= Bell IP Holdings =

Intellectual property holding company for former Bell System brands

Bell IP Holdings is a joint venture of AT&T, Verizon Communications, Lumen Technologies, and Altafiber (or their respective subsidiaries) which owns the rights to the former Bell System logos and trademarks outside of the U.S. and Canada. It also administers a variety of related common assets such as the domain name bell.com.

In the United States, the aforementioned operating companies each own concurrent rights to the Bell trademarks.

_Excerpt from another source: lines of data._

(* Let $A\in\mathbb{R}^{n\times n}$ be symmetric. Let $V_N=[v_1,\ldots,v_N]\in\mathbb{R}^{n\times M}$, where each block vector $v_j$ has $n$ rows, and let $T_N\in\mathbb{R}^{M\times M}$ be a symmetric block tridiagonal matrix (with diagonal blocks $\alpha_j$, subdiagonal blocks $\beta_{j}$ and superdiagonal blocks $\beta_j^T$) such that the perturbed block Lanczos recurrence \[ AV_N=V_NT_N+\left[\Delta v_1,\ldots,\Delta v_{k-1},\Delta\widetilde v_k,\ldots,\Delta\widetilde v_N\right] \] holds (i.e. the recurrence terminates with $\beta_{N+1}=0$), where each perturbation block $\Delta v_j$, $\Delta \widetilde v_j$ has the same size as $v_j$, and \[ \max\left(\|\Delta v_1\|,\ldots,\|\Delta v_{k-1}\|,\|\Delta\widetilde v_k\|,\ldots,\|\Delta\widetilde v_N\|\right)\le\epsilon_2\|A\| \] for some $\epsilon_2>0$. Let $T_N=S_N\Theta_NS_N^T$ be a spectral decomposition with $S_N^TS_N=I$, $S_N=[s_1^{(N)},\ldots,s_M^{(N)}]$, $\Theta_N=\mathrm{diag}(\theta_1^{(N)},\ldots,\theta_M^{(N)})$, and define the Ritz vectors $z_i^{(N)}=V_Ns_i^{(N)}$. Suppose $\epsilon_1>0$ (independent of $i,j$) is such that for every Ritz pair $(\theta_i^{(N)},z_i^{(N)})$ with $\|z_i^{(N)}\|<0.5$ there exists a Ritz pair $(\theta_j^{(N)},z_j^{(N)})$ with \[ \|z_j^{(N)}\|\ge 0.5\quad\text{and}\quad|\theta_i^{(N)}-\theta_j^{(N)}|\le\epsilon_1\|A\|. \] Then each eigenvalue of $T_N$ lies within $3\max\left(\sqrt{N}\epsilon_2,\epsilon_1\right)\|A\|$ of an eigenvalue of $A$.
   Context: All norms are spectral (2-)norms. A ''block vector'' is an $n\times p_j$ matrix; $I_p$ and $0_p$ denote the $p\times p$ identity and zero matrices. *)

From HB Require Import structures.
From mathcomp Require Import all_boot all_order all_algebra.
From mathcomp Require Import boolp classical_sets reals.
Set Implicit Arguments. Unset Strict Implicit. Unset Printing Implicit Defensive.
Import Order.TTheory GRing.Theory Num.Theory.
Local Open Scope ring_scope.

Definition vnorm (R : realType) (n : nat) (x : 'cV[R]_n) : R :=
  Num.sqrt (\sum_(i < n) x i 0 ^+ 2).

Definition mxnorm (R : realType) (m n : nat) (A : 'M[R]_(m, n)) : R :=
  sup [set vnorm (A *m x) | x in [set x : 'cV[R]_n | vnorm x <= 1]]%classic.

Definition block_tridiag (R : realType) (N : nat) (p : 'I_N -> nat)
  (T : 'M[R]_(\sum_(j < N) p j)) : Prop :=
  forall i j : 'I_N, (i.+1 < j)%N \/ (j.+1 < i)%N ->
    @submxblock R N N p p T i j = 0.

From HB Require Import structures.
From mathcomp Require Import all_boot all_order all_algebra.
From mathcomp Require Import boolp classical_sets reals.
From mathcomp Require Import ring lra complex.
Import Order.TTheory GRing.Theory Num.Theory.
Set Implicit Arguments. Unset Strict Implicit. Unset Printing Implicit Defensive.
Local Open Scope ring_scope.

(* Every eigenvalue of T is a Ritz value theta_i, and the Ritz vector z_i = V s_i
   has residual A z_i - theta_i z_i = E s_i.  The blocks of the unit vector s_i
   have norms summing to at most sqrt N, so |E s_i| <= sqrt N eps2 |A|.  For
   symmetric A, expanding z in an orthonormal eigenbasis shows that some eigenvalue
   lambda satisfies |th - lambda| |z| <= |A z - th z|; thus a Ritz value whose Ritz
   vector has norm >= 1/2 is within 2 sqrt N eps2 |A| of an eigenvalue of A, and
   every other Ritz value is within eps1 |A| of such a Ritz value. *)

Section CauchySchwarz.
Variable R : realFieldType.

Lemma cauchy_schwarz_sum (I : finType) (a b : I -> R) :
  (\sum_i a i * b i) ^+ 2 <= (\sum_i a i ^+ 2) * (\sum_i b i ^+ 2).
Proof.
set D := \sum_i \sum_j (a i * b j - a j * b i) ^+ 2.
have D_ge0 : 0 <= D.
  by apply: sumr_ge0 => i _; apply: sumr_ge0 => j _; apply: sqr_ge0.
have prod_sum (f g : I -> R) : (\sum_i f i) * (\sum_j g j) = \sum_i \sum_j f i * g j.
  by rewrite mulr_suml; apply: eq_bigr => i _; rewrite mulr_sumr.
have lagrange : D = \sum_i \sum_j a i ^+ 2 * b j ^+ 2 + \sum_i \sum_j a j ^+ 2 * b i ^+ 2
                     - 2 * \sum_i \sum_j (a i * b i) * (a j * b j).
  rewrite mulr_sumr -!big_split -sumrB /=; apply: eq_bigr => i _.
  by rewrite mulr_sumr -!big_split -sumrB /=; apply: eq_bigr => j _; ring.
have swap : \sum_i \sum_j a j ^+ 2 * b i ^+ 2 = \sum_i \sum_j a i ^+ 2 * b j ^+ 2.
  by rewrite exchange_big.
move: D_ge0; rewrite lagrange swap -!prod_sum -expr2; lra.
Qed.
(* Let $t$ be a positive integer. For every finite chordal trigraph $H$ whose total graph $\mathcal T(H)$ has clique number at most $t+1$ and whose real graph is triangle-free, every set $X\subseteq V(G'_t)$ such that $G'_t[X]$ is $H$-free, and every $u\in V(G'_t)$, there exists a downward path $P_u$ from $u$ in $T'_t$ with $|V(P_u)\cap X|\le|V(H)|-1$.
   Context: A trigraph is $(V,E_B,E_R)$ with disjoint sets $E_B$ (black edges) and $E_R$ (red edges); adjacency type of a pair is black, red or non-edge. Total graph: $(V,E_B\cup E_R)$; real graph: $(V,E_B)$; chordal if the total graph is chordal. $G[X]$ denotes the induced subtrigraph; $G$ is $H$-free if no induced subtrigraph of $G$ is isomorphic to $H$ (isomorphism preserving adjacency types). Construction of $G'_t$, $T'_t$: a countably infinite trigraph $G'_t$ and rooted tree $T'_t$ on the same vertex set, partitioned into finite layers $L_0,L_1,\dots$ each inducing a left-to-right path of black edges. $L_0$ is a single vertex, the root. With $L_{\le i}=L_0\cup\dots\cup L_i$, layer $L_{i+1}$ is built (starting empty) as follows: for each $u\in L_i$ from left to right, let $N^\uparrow[u]:=(N_{\mathcal T(G'_t)}(u)\cap L_{\le i-1})\cup\{u\}$ and let $\mathcal B$ be the set of subsets of $N^\uparrow[u]$ all of whose pairs are red edges. For every ordered pair $(B,R)$ of disjoint subsets of $N^\uparrow[u]$ with $B\in\mathcal B$ and $|B\cup R|\le t$: append a new vertex $v_{B,R}$ at the right end of $L_{i+1}$ (black edge to the previously rightmost vertex of $L_{i+1}$, if any), make it a child of $u$, add black edges from $v_{B,R}$ to all of $B$ and red edges to all of $R$; then append another new vertex $v'_{B,R}$ at the right end of $L_{i+1}$ (black edge to the previously rightmost vertex) and make it a child of $u$, with no further edges. A downward path from $u$ in $T'_t$ is an infinite path $u_1u_2\dots$ in $T'_t$ with $u_1=u$ and each $u_i$ ($i>1$) a child of $u_{i-1}$. *)

From mathcomp Require Import all_boot.
Set Implicit Arguments. Unset Strict Implicit. Unset Printing Implicit Defensive.

Record trigraph := Trigraph {
  tvert :> finType;
  tblack : rel tvert;
  tred : rel tvert;
  tblack_sym : symmetric tblack;
  tred_sym : symmetric tred;
  tblack_irr : irreflexive tblack;
  tred_irr : irreflexive tred;
  tdisj : forall x y, tblack x y -> ~~ tred x y }.

Inductive adjtype := ANone | ABlack | ARed.
Definition atype {T} (b r : rel T) x y :=
  if b x y then ABlack else if r x y then ARed else ANone.

Definition htotal (H : trigraph) : rel H := fun x y => tblack x y || tred x y.

(** A cycle is a duplicate-free sequence [x0 :: s'] of vertices with
    consecutive (cyclically) vertices adjacent; a chord is an edge between
    two cyclically non-consecutive positions. *)
Definition chordal (H : trigraph) : Prop :=
  forall (x0 : H) (s' : seq H), let s := x0 :: s' in
  4 <= size s -> uniq s -> cycle (@htotal H) s ->
  exists i j, [/\ i < size s, j < size s, i != j,
     (j != (i.+1 %% size s)) && (i != (j.+1 %% size s))
   & @htotal H (nth x0 s i) (nth x0 s j)].

Definition clique_num_le (H : trigraph) (k : nat) : Prop :=
  forall S : {set H}, {in S &, forall x y, x != y -> @htotal H x y} -> #|S| <= k.

Definition real_triangle_free (H : trigraph) : Prop :=
  forall x y z : H, ~ [/\ tblack x y, tblack y z & tblack x z].

(** A vertex is a pair (i, k): the k-th vertex (from the left, 0-based) of layer L_i. *)
Definition vert := (nat * nat)%type.
(** The record of a vertex: (index of its parent in the previous layer,
    B = vertices joined by black edges upward, R = vertices joined by red edges upward). *)
Definition vrec := (nat * seq vert * seq vert)%type.
Definition root_rec : vrec := (0, [::], [::]).
Definition recPar (r : vrec) : nat := r.1.1.
Definition recB (r : vrec) : seq vert := r.1.2.
Definition recR (r : vrec) : seq vert := r.2.

(** [Ls] is a list of constructed layers L_0, ..., L_m. *)
Definition recL (Ls : seq (seq vrec)) (v : vert) : vrec := nth root_rec (nth [::] Ls v.1) v.2.
Definition validL (Ls : seq (seq vrec)) (v : vert) : bool := v.2 < size (nth [::] Ls v.1).
Definition blackL (Ls : seq (seq vrec)) (x y : vert) : bool :=
  [&& validL Ls x, validL Ls y &
   [|| (x.1 == y.1) && ((x.2.+1 == y.2) || (y.2.+1 == x.2)),
       y \in recB (recL Ls x) | x \in recB (recL Ls y)]].
Definition redL (Ls : seq (seq vrec)) (x y : vert) : bool :=
  [&& validL Ls x, validL Ls y &
   (y \in recR (recL Ls x)) || (x \in recR (recL Ls y))].
Definition tadjL (Ls : seq (seq vrec)) (x y : vert) : bool := blackL Ls x y || redL Ls x y.

Definition verts_lt (Ls : seq (seq vrec)) (i : nat) : seq vert :=
  flatten [seq [seq (j, k) | k <- iota 0 (size (nth [::] Ls j))] | j <- iota 0 i].

Definition Nup (Ls : seq (seq vrec)) (u : vert) : seq vert :=
  rcons [seq w <- verts_lt Ls u.1 | tadjL Ls u w] u.

Fixpoint splits3 (s : seq vert) : seq (seq vert * seq vert) :=
  match s with
  | [::] => [:: ([::], [::])]
  | x :: s' => let r := splits3 s' in
      r ++ [seq (x :: p.1, p.2) | p <- r] ++ [seq (p.1, x :: p.2) | p <- r]
  end.

Definition pairsL (t : nat) (Ls : seq (seq vrec)) (u : vert) : seq (seq vert * seq vert) :=
  [seq p <- splits3 (Nup Ls u) | pairwise (redL Ls) p.1 & size p.1 + size p.2 <= t].

(** The paper does not fix the order in which the pairs (B,R) are processed;
    it is a parameter [ord], required to be a permutation (see [valid_order]). *)
Definition order_fn := vert -> seq (seq vert * seq vert) -> seq (seq vert * seq vert).
Definition valid_order (ord : order_fn) : Prop := forall u s, perm_eq (ord u s) s.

Bell Canada retained sole rights to the marks in that country after its spinoff from AT&T in 1975.

Bell IP Holdings was created as result of the sale of Bell Communications Research, Incorporated (Bellcore) to Science Applications International Corporation (SAIC) in 1996.

As a part of the court-ordered restructure of AT&T in 1984, the Bell Logo and Trademarks had been granted to Bellcore, to own and manage on behalf of the seven Regional Bell Operating Systems (RBOCs) and two of the smaller former Bell telecoms, centered in Cincinnati, Ohio and Hartford Connecticut.

The RBOC's determined that the sale of Bellcore to SAIC should be limited to the software and tangible property owned by the consortium, but that the ownership and related value of the Bell name and logo needed to remain with the sellers. Bell IP Holdings was created for the purpose of sustaining that ownership, and thereby preserving the Intellectual Property (IP) value for the Owner Companies (OCs) over time, despite the inevitability of subsequent sales, reallocations and reassignments of specific rights.